Guides
How to Customize Keyboard Shortcuts
Rebind every Pluely action — toggle overlay, capture, push-to-talk, listening — so the app answers to the keys your hands already know. Shortcuts are global: they fire from any app, whether you're in a browser, an IDE, or a video call.
Where shortcuts live
Every shortcut in Pluely v1 is managed from one place: the dashboard's Shortcuts page. Because bindings are global, you never need to focus Pluely first — the shortcut works wherever you are.
Actions you can bind
The Shortcuts page lists every action that supports a custom keyboard shortcut:
- Toggle the overlay — instantly show or hide the Pluely overlay.
- Screen or region capture — grab the full screen or a selected region and send it straight into a question.
- Push-to-talk — hold the key to dictate a question by voice.
- Start / stop listening — begin or end a live Listen mode session.
Custom actions beyond the defaults require an active Pluely license.
Step-by-step: recording a new shortcut
- Open the Pluely dashboard and go to the Shortcuts page in the sidebar.
- Find the action you want to rebind (for example, "Toggle overlay").
- Click the shortcut field to enter recording mode.
- Press the key combination you want — Pluely captures the keys as you press them.
- Release the keys. Pluely validates the combination immediately.
- If the combination collides with another Pluely action or a common system shortcut, Pluely warns you before you save.

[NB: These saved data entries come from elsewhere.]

(* Let $\rho>\chi>1$ and suppose there exists a $(\rho,\chi)$-bidding profile $G$. Let $\phi:(0,1]\to[1,\infty)$ be the function inducing $G$ (i.e. $\phi=G|_{(0,1]}$). Then there exists a tight $(\rho,\chi')$-bidding profile $G'$ induced by $\phi$ with $\chi'\le\chi$.
   Context: Given $1<\chi\le\rho$, a $(\rho,\chi)$-bidding profile is a non-decreasing, left-continuous $G:\mathbb{R}\to(0,\infty)$ such that (offset) $G(x)<1$ for $x<0$ and $G(x)\ge 1$ for $x>0$; (robustness) $\int_{-\infty}^{x+1}G(t)\,\mathrm{d} t\le\rho G(x)$ for all $x\in\mathbb{R}$; (consistency) $\int_{-\infty}^1G(t)\,\mathrm{d} t\le\chi$. A bidding profile $G$ is induced by $\phi:(0,1]\to[1,\infty)$ if $G|_{(0,1]}\equiv\phi$. A $(\rho,\chi)$-bidding profile $G$ is tight if additionally $\int_{-\infty}^{x+1}G(t)\,\mathrm{d} t=\rho\,G(x)$ for all $x\le 0$ and $\int_{-\infty}^1G(t)\,\mathrm{d} t=\chi$. *)

From HB Require Import structures.
From mathcomp Require Import all_boot all_order all_algebra.
From mathcomp Require Import all_classical all_reals all_analysis.
Set Implicit Arguments. Unset Strict Implicit. Unset Printing Implicit Defensive.
Import Order.TTheory GRing.Theory Num.Theory.
Import numFieldNormedType.Exports.
Local Open Scope classical_set_scope.
Local Open Scope ring_scope.

Definition int_upto {R : realType} (G : R -> R) (a : R) : \bar R :=
  (\int[@lebesgue_measure R]_(t in `]-oo, a]) (G t)%:E)%E.

Definition bidding_profile {R : realType} (rho chi : R) (G : R -> R) : Prop :=
  [/\ (1 < chi /\ chi <= rho) /\ (forall x, 0 < G x),
      ({homo G : x y / x <= y} /\ forall x, G t @[t --> x^'-] --> G x),
      ((forall x, x < 0 -> G x < 1) /\ (forall x, (0 < x) -> (1 <= G x))),
      (forall x, (int_upto G (x + 1) <= (rho * G x)%:E)%E)
    & (int_upto G 1 <= chi%:E)%E].

Definition tight_bidding_profile {R : realType} (rho chi : R) (G : R -> R) : Prop :=
  [/\ bidding_profile rho chi G,
      (forall x, x <= 0 -> int_upto G (x + 1) = (rho * G x)%:E)
    & int_upto G 1 = chi%:E].

Definition induced_by {R : realType} (phi : R -> R) (G : R -> R) : Prop :=
  forall x, 0 < x <= 1 -> G x = phi x.

From mathcomp Require Import all_boot all_order all_algebra.
From mathcomp Require Import all_classical all_reals all_analysis.
From mathcomp Require Import measurable_realfun lra.
Import Order.TTheory GRing.Theory Num.Theory.
Import numFieldNormedType.Exports.
Local Open Scope ring_scope.
Local Open Scope classical_set_scope.

(** Call a nondecreasing [H] with [0 <= H <= G] and [H = G] on [(0, +oo)]
    prefixed when [T H <= H], where [T H x = rho^-1 \int_{-oo}^{x+1} H] for
    [x <= 0] and [T H x = G x] for [x > 0]; [T] is monotone and [G] is prefixed.
    As in the Knaster-Tarski theorem, the pointwise infimum [F] of all prefixed
    functions is a fixed point of [T], i.e. robustness holds with equality on
    [(-oo, 0]], while [F = G = phi] on [(0, 1]] and
    [\int_{-oo}^1 F <= \int_{-oo}^1 G <= chi].  The fixed-point equation makes
    [F] Lipschitz on [(-oo, 0]], hence left-continuous, and yields
    [rho F(x) >= F(x + 1/2) / 2], which propagates positivity from [(0, +oo)]
    to the whole line. *)

Lemma integral_itvoc_cst {R : realType} {a b : R} (c : R) : a <= b ->
  (\int[@lebesgue_measure R]_(t in `]a, b]) c%:E = (c * (b - a))%:E)%E.
Proof.
move=> ab; rewrite integral_cst //.
have := lebesgue_measure_itv (Interval (BRight a) (BRight b)); rewrite /= lte_fin => ->.
have [_|ba] := ltP a b; first by rewrite -EFinD -EFinM.
have -> : b = a by apply/le_anti; rewrite ab ba.
by rewrite subrr mulr0 mule0.
Qed.

Section IntegralNondecreasing.
Context {R : realType} {H : R -> R}.
Hypotheses (H_ge0 : forall x, 0 <= H x) (H_nd : {homo H : x y / x <= y}).

Lemma measurable_nondecreasing (D : set R) :
  measurable D -> measurable_fun D (EFin \o H).
Proof. by move=> mD; apply/measurable_EFinP; exact: nondecreasing_measurable. Qed.

Lemma int_upto_ge0 a : (0 <= int_upto H a)%E.
Proof. by apply: integral_ge0 => x _; rewrite lee_fin. Qed.

Lemma int_upto_split {a b : R} : a <= b ->
  int_upto H b =
  (int_upto H a + \int[@lebesgue_measure R]_(t in `]a, b]) (H t)%:E)%E.
Proof.
move=> ab; rewrite /int_upto (@itv_bndbnd_setU _ _ _ (BRight a)) //.
rewrite ge0_integral_setU //.
- by rewrite -itv_bndbnd_setU ?bnd_simp //; exact: measurable_nondecreasing.
- by move=> x _; rewrite lee_fin.
- rewrite disj_set2E; apply/eqP/seteqP; split => x //= [].
  by rewrite !in_itv /= => xa /andP[ax _]; move: (lt_le_trans ax xa); rewrite ltxx.
Qed.

Lemma int_upto_ge_step {a b c : R} : a <= b -> 0 <= c ->
  (forall t, a < t <= b -> c <= H t) ->
  (int_upto H a + (c * (b - a))%:E <= int_upto H b)%E.
Proof.
move=> ab c0 Hc_lb; rewrite (int_upto_split ab) -(integral_itvoc_cst c ab).
by apply: leeD2l; apply: ge0_le_integral => //; exact: measurable_nondecreasing.
Qed.

Lemma int_upto_le_step {a b c : R} : a <= b -> 0 <= c ->
  (forall t, a < t <= b -> H t <= c) ->
  (int_upto H b <= int_upto H a + (c * (b - a))%:E)%E.
Proof.
move=> ab c0 Hc_ub; rewrite (int_upto_split ab) -(integral_itvoc_cst c ab).
apply: leeD2l; apply: ge0_le_integral => //; last exact: measurable_nondecreasing.
by move=> x _; rewrite lee_fin.
Qed.

Lemma int_upto_nondecreasing : {homo int_upto H : a b / a <= b >-> (a <= b)%E}.
Proof.
move=> a b ab; have := int_upto_ge_step ab (lexx 0) (fun t _ => H_ge0 t).
by rewrite mul0r adde0.
Qed.

End IntegralNondecreasing.

Lemma le_int_upto {R : realType} {H1 H2 : R -> R} {a : R} :
  (forall x, 0 <= H1 x) -> {homo H1 : x y / x <= y} -> {homo H2 : x y / x <= y} ->
  (forall x, x <= a -> H1 x <= H2 x) -> (int_upto H1 a <= int_upto H2 a)%E.
Proof.
move=> H1_ge0 H1_nd H2_nd le12; apply: ge0_le_integral => //;
  [by move=> x _; rewrite lee_fin | exact: measurable_nondecreasing..].
Qed.

Section LeastPrefixedPoint.
Context {R : realType} {rho chi : R} {G : R -> R}.
Hypothesis G_profile : bidding_profile rho chi G.

Definition admissible (H : R -> R) : Prop :=
  [/\ forall x, 0 <= H x, forall x, H x <= G x, {homo H : x y / x <= y}
    & forall x, 0 < x -> H x = G x].

(* For admissible [H] the integral is at most [chi], so [fine] loses nothing. *)
Definition tighten (H : R -> R) (x : R) : R :=
  if x <= 0 then fine (int_upto H (x + 1)) / rho else G x.

Definition prefixed (H : R -> R) : Prop :=
  admissible H /\ forall x, tighten H x <= H x.

Definition least_prefixed (x : R) : R := inf [set H x | H in prefixed].

Let rho_gt0 : 0 < rho.
Proof. by have [[[chi_gt1 chi_le_rho] _] _ _ _ _] := G_profile; lra. Qed.

Let G_gt0 x : 0 < G x.
Proof. by have [[_ G_gt0] _ _ _ _] := G_profile. Qed.

Let G_nd : {homo G : x y / x <= y}.
Proof. by have [_ [G_nd _] _ _ _] := G_profile. Qed.

Lemma admissible_int_upto_le {H : R -> R} {a : R} :
  admissible H -> a <= 1 -> (int_upto H a <= chi%:E)%E.
Proof.
move=> [H_ge0 HG H_nd _] a_le1; have [_ _ _ _ G_cons] := G_profile.
apply: le_trans (le_int_upto H_ge0 H_nd G_nd (fun x _ => HG x)) _.
apply: le_trans G_cons.
exact: int_upto_nondecreasing (fun x => ltW (G_gt0 x)) G_nd _ _ a_le1.
Qed.

Lemma admissible_int_upto_fin {H : R -> R} {a : R} :
  admissible H -> a <= 1 -> int_upto H a \is a fin_num.
Proof.
move=> adH a_le1; have [H_ge0 _ _ _] := adH.
rewrite ge0_fin_numE ?int_upto_ge0 //.
exact: le_lt_trans (admissible_int_upto_le adH a_le1) (ltry _).
Qed.

Lemma tighten_le {H1 H2 : R -> R} : admissible H1 -> admissible H2 ->
  (forall x, H1 x <= H2 x) -> forall x, tighten H1 x <= tighten H2 x.
Proof.
move=> ad1 ad2 le12 x; rewrite /tighten; case: ifP => // x_le0.
have x1_le1 : x + 1 <= 1 by rewrite gerDr.
rewrite ler_pM2r ?invr_gt0 //; apply: fine_le; try exact: admissible_int_upto_fin.
by have [H1_ge0 _ H1_nd _] := ad1; have [_ _ H2_nd _] := ad2; exact: le_int_upto.
Qed.

Lemma admissible_tighten H : prefixed H -> admissible (tighten H).
Proof.
move=> [adH TH]; have [H_ge0 HG H_nd _] := adH.
have tighten_pos x : 0 < x -> tighten H x = G x by rewrite /tighten leNgt => ->.
split=> [x | x | x y xy | //].
- rewrite /tighten; case: ifP => _; last exact: ltW.
  by rewrite divr_ge0 ?(ltW rho_gt0) // fine_ge0 // int_upto_ge0.
- exact: le_trans (TH x) (HG x).
- have [y_gt0|y_le0] := ltP 0 y.
    by rewrite (tighten_pos y) //; apply: le_trans (TH x) (le_trans (HG x) (G_nd _ _ xy)).
  have x_le0 := le_trans xy y_le0.
  rewrite /tighten x_le0 y_le0 ler_pM2r ?invr_gt0 //.
  apply: fine_le; try by apply: admissible_int_upto_fin; rewrite // gerDr.
  by apply: int_upto_nondecreasing; rewrite // lerD2r.
Qed.

Lemma prefixed_G : prefixed G.
Proof.
have [_ _ _ G_rob _] := G_profile.
have adG : admissible G by split=> // x; exact: ltW.
split=> // x; rewrite /tighten; case: ifP => // x_le0.
rewrite ler_pdivrMr // mulrC -lee_fin fineK //.
by apply: admissible_int_upto_fin; rewrite // gerDr.
Qed.

Lemma least_prefixed_le {H : R -> R} x : prefixed H -> least_prefixed x <= H x.
Proof.
move=> preH; apply: ge_inf; last by exists H.
by exists 0 => _ [K [[K_ge0 _ _ _] _] <-].
Qed.

Lemma le_least_prefixed c x :
  (forall H, prefixed H -> c <= H x) -> c <= least_prefixed x.
Proof.
move=> c_lb; apply: lb_le_inf; first by exists (G x), G; first exact: prefixed_G.
by move=> _ [H preH <-]; exact: c_lb.
Qed.

Lemma admissible_least_prefixed : admissible least_prefixed.
Proof.
split=> [x | x | x y xy | x x_gt0].
- by apply: le_least_prefixed => H [[H_ge0 _ _ _] _].
- exact: least_prefixed_le x prefixed_G.
- apply: le_least_prefixed => H preH; have [[_ _ H_nd _] _] := preH.
  exact: le_trans (least_prefixed_le x preH) (H_nd _ _ xy).
- apply/le_anti; rewrite (least_prefixed_le x prefixed_G) /=.
  by apply: le_least_prefixed => H [[_ _ _ HG] _]; rewrite HG.
Qed.

Lemma tighten_least_prefixed x : tighten least_prefixed x = least_prefixed x.
Proof.
have T_le y : tighten least_prefixed y <= least_prefixed y.
  apply: le_least_prefixed => H [adH TH]; apply: le_trans (TH y).
  by apply: (tighten_le admissible_least_prefixed adH) => z; exact: least_prefixed_le.
have preF : prefixed least_prefixed by split; [exact: admissible_least_prefixed|].
apply/le_anti; rewrite T_le least_prefixed_le //; split.
  exact: admissible_tighten.
by apply: tighten_le; [exact: admissible_tighten | exact: admissible_least_prefixed|].
Qed.

Local Notation F := least_prefixed.

Let F_ge0 x : 0 <= F x.
Proof. by have [F_ge0 _ _ _] := admissible_least_prefixed. Qed.

Let F_nd : {homo F : x y / x <= y}.
Proof. by have [_ _ F_nd _] := admissible_least_prefixed. Qed.

Let F_pos x : 0 < x -> F x = G x.
Proof. by have [_ _ _ F_pos] := admissible_least_prefixed; exact: F_pos. Qed.

Lemma int_upto_least_prefixed x : x <= 0 -> int_upto F (x + 1) = (rho * F x)%:E.
Proof.
move=> x_le0; rewrite -[in RHS]tighten_least_prefixed /tighten x_le0.
rewrite mulrC divfK ?gt_eqF // fineK //.
by apply: admissible_int_upto_fin admissible_least_prefixed _; rewrite gerDr.
Qed.

Lemma least_prefixed_half_step x : x <= 0 -> F (x + 2^-1) / 2 <= rho * F x.
Proof.
move=> x_le0; rewrite -lee_fin -int_upto_least_prefixed //.
have F_lb t : x + 2^-1 < t <= x + 1 -> F (x + 2^-1) <= F t.
  by case/andP => /ltW + _; exact: F_nd.
have half_le1 : x + 2^-1 <= x + 1 by lra.
have := int_upto_ge_step F_ge0 F_nd half_le1 (F_ge0 _) F_lb.
rewrite (_ : x + 1 - (x + 2^-1) = 2^-1); last lra.
by apply: le_trans; rewrite leeDr // int_upto_ge0.
Qed.

Lemma least_prefixed_gt0 x : 0 < F x.
Proof.
suff F_gt0 n : forall y, - n%:R < 2 * y -> 0 < F y.
  have /ltr_normlP[Nx_lt _] := archi_boundP (normr_ge0 (2 * x)).
  by apply: (F_gt0 (Num.Def.archi_bound `|2 * x|)); lra.
elim: n => [|n IHn] y y_gt.
  by rewrite F_pos ?G_gt0 //; lra.
have [y_gt0|y_le0] := ltP 0 y; first by rewrite F_pos ?G_gt0.
have Fhalf_gt0 : 0 < F (y + 2^-1) by apply: IHn; move: y_gt; rewrite -natr1; lra.
have := least_prefixed_half_step y y_le0; rewrite -(pmulr_rgt0 _ rho_gt0).
by apply: lt_le_trans; rewrite divr_gt0.
Qed.

Lemma least_prefixed_lipschitz t x :
  t <= x -> x <= 0 -> rho * (F x - F t) <= G 1 * (x - t).
Proof.
move=> tx x_le0; have t_le0 := le_trans tx x_le0.
have F_ub s : t + 1 < s <= x + 1 -> F s <= G 1.
  case/andP=> _ s_le; have [_ FG _ _] := admissible_least_prefixed.
  by apply: le_trans (FG s) (G_nd _ _ _); lra.
have t1_le : t + 1 <= x + 1 by rewrite lerD2r.
have := int_upto_le_step F_ge0 F_nd t1_le (ltW (G_gt0 1)) F_ub.
by rewrite !int_upto_least_prefixed // -EFinD lee_fin; lra.
Qed.

Lemma least_prefixed_left_cont x : F t @[t --> x^'-] --> F x.
Proof.
have [x_gt0|x_le0] := ltP 0 x.
  rewrite F_pos //; have [_ [_ G_lcont] _ _ _] := G_profile.
  apply: cvg_trans (G_lcont x); apply: near_eq_cvg.
  by near=> t; rewrite F_pos //; near: t; exact: nbhs_left_gt.
apply/cvgrPdist_le => e e_gt0.
have d_gt0 : 0 < e * rho / G 1 by rewrite divr_gt0 ?mulr_gt0.
near=> t.
have tx : t < x by near: t; exact: nbhs_left_lt.
have xt_lt : x - t < e * rho / G 1 by near: t; exact: nbhs_left_ltBl.
have := least_prefixed_lipschitz _ _ (ltW tx) x_le0.
rewrite ltr_pdivlMr ?G_gt0 // in xt_lt => lip.
rewrite ger0_norm; last by rewrite subr_ge0 F_nd // ltW.
by apply/ltW; rewrite -(ltr_pM2l rho_gt0); lra.
Unshelve. all: by end_near.
Qed.

Lemma int_upto_least_prefixed1_gt1 : (1 < int_upto F 1)%E.
Proof.
have F_ge1 t : 0 < t <= 1 -> 1 <= F t.
  by case/andP=> t_gt0 _; have [_ _ [_ G_ge1] _ _] := G_profile; rewrite F_pos ?G_ge1.
apply: lt_le_trans (int_upto_ge_step F_ge0 F_nd ler01 ler01 F_ge1).
rewrite subr0 mul1r lteDr // -[X in int_upto _ X](addNr 1).
by rewrite int_upto_least_prefixed ?lerN10 // lte_fin mulr_gt0 ?least_prefixed_gt0.
Qed.

Lemma int_upto_least_prefixed1_fin : int_upto F 1 \is a fin_num.
Proof. exact: admissible_int_upto_fin admissible_least_prefixed (lexx 1). Qed.

Lemma fine_int_upto_least_prefixed1_le : fine (int_upto F 1) <= chi.
Proof.
rewrite -lee_fin fineK ?int_upto_least_prefixed1_fin //.
exact: admissible_int_upto_le admissible_least_prefixed _.
Qed.

Lemma least_prefixed_induced phi : induced_by phi G -> induced_by phi F.
Proof. by move=> G_phi x x01; have /andP[x_gt0 _] := x01; rewrite F_pos ?G_phi. Qed.

Lemma tight_least_prefixed : tight_bidding_profile rho (fine (int_upto F 1)) F.
Proof.
have [[[_ chi_le_rho] _] _ [G_lt1 _] G_rob _] := G_profile.
have [_ FG _ _] := admissible_least_prefixed.
have F1E := fineK int_upto_least_prefixed1_fin.
split; [split | exact: int_upto_least_prefixed | by rewrite F1E].
- split; last exact: least_prefixed_gt0.
  split; last exact: le_trans fine_int_upto_least_prefixed1_le chi_le_rho.
  by rewrite -lte_fin F1E int_upto_least_prefixed1_gt1.
- by split; [exact: F_nd | exact: least_prefixed_left_cont].
- split=> x x_sgn; first exact: le_lt_trans (FG x) (G_lt1 x x_sgn).
  by have [_ _ [_ G_ge1] _ _] := G_profile; rewrite F_pos ?G_ge1.
- move=> x; have [x_gt0|x_le0] := ltP 0 x; last by rewrite int_upto_least_prefixed.
  rewrite F_pos //; apply: le_trans (G_rob x).
  exact: le_int_upto F_ge0 F_nd G_nd (fun t _ => FG t).
- by rewrite F1E.
Qed.

End LeastPrefixedPoint.

Theorem lemma2 (R : realType) (rho chi : R) (G : R -> R) :
  1 < chi -> chi < rho ->
  bidding_profile rho chi G ->
  forall phi : R -> R, induced_by phi G ->
  exists (chi' : R) (G' : R -> R),
    [/\ chi' <= chi, tight_bidding_profile rho chi' G' & induced_by phi G'].
Proof.
(* [1 < chi <= rho] is already part of [bidding_profile rho chi G]. *)
move=> _ _ G_profile phi G_phi.
exists (fine (int_upto (@least_prefixed R rho G) 1)), (@least_prefixed R rho G); split.
- exact: fine_int_upto_least_prefixed1_le G_profile.
- exact: tight_least_prefixed G_profile.
- exact: least_prefixed_induced G_profile _ G_phi.
Qed.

- Resolve the conflict with a different combination, or confirm if you're intentionally overriding a lower-priority binding.
- The new shortcut takes effect immediately across the whole app — no restart needed.
Platform-specific defaults
Pluely ships sensible defaults for macOS, Windows, and Linux, since modifier-key conventions differ across platforms. The Shortcuts page always shows the combination active on your machine, and you can override any default to match muscle memory from other tools.
Resetting a shortcut
To go back, open the same action on the Shortcuts page and record the original combination again, or use the reset-to-default option if your version of the dashboard shows one. Every binding is validated on save, so experiment freely — you can't break the app.
Tips
- Choose a toggle-overlay shortcut you can press one-handed — it's the one you'll use most.
- Avoid combinations your OS already claims (like screenshot shortcuts).
- If a shortcut silently does nothing, check the Shortcuts page first — another app may be intercepting the same combination at the system level.
- Keep push-to-talk and start/stop listening on separate keys if you use both voice dictation and live meeting transcription.
- Revisit your shortcuts after a Pluely update — new actions occasionally become bindable.